> _Work instructions_: In the material below, find each line that contains the word "rewrite" and copy it.

> _Dataset entries_:
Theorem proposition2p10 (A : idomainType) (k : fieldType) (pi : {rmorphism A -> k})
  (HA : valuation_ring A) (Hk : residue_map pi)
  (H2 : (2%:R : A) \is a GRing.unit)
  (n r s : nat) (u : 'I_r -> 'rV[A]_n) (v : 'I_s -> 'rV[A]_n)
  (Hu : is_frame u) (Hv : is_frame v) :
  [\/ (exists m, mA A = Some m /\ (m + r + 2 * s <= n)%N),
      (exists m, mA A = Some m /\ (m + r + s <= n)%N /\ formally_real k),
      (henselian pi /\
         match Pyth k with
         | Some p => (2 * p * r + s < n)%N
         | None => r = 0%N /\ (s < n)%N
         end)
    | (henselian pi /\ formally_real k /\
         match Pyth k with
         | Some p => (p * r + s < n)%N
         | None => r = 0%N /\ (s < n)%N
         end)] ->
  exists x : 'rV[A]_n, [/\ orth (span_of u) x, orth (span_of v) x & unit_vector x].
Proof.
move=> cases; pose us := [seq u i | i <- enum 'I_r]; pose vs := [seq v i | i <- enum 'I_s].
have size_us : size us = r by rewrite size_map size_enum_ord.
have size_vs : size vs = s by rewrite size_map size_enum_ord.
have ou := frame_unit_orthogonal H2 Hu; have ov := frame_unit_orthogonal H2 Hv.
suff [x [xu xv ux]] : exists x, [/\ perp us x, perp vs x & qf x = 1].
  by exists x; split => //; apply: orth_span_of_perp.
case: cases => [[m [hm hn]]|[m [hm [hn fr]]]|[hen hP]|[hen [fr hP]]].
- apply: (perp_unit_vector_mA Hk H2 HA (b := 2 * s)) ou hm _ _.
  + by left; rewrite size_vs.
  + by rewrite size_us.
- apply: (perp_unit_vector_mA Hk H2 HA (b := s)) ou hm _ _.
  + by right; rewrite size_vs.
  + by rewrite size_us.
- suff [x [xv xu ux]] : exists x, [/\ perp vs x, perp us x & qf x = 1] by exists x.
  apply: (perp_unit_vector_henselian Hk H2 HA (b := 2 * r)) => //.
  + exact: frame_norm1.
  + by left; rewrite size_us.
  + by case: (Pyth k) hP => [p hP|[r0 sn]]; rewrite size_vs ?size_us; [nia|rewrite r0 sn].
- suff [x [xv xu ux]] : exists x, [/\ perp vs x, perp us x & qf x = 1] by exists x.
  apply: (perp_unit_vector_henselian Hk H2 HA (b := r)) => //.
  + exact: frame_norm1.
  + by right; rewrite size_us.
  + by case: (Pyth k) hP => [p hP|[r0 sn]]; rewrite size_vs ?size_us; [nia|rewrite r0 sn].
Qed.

> _Output below_:
have size_us : size us = r by rewrite size_map size_enum_ord.
have size_vs : size vs = s by rewrite size_map size_enum_ord.
  + by left; rewrite size_vs.
  + by rewrite size_us.
  + by right; rewrite size_vs.
  + by rewrite size_us.
  + by left; rewrite size_us.
  + by case: (Pyth k) hP => [p hP|[r0 sn]]; rewrite size_vs ?size_us; [nia|rewrite r0 sn].
  + by right; rewrite size_us.
  + by case: (Pyth k) hP => [p hP|[r0 sn]]; rewrite size_vs ?size_us; [nia|rewrite r0 sn].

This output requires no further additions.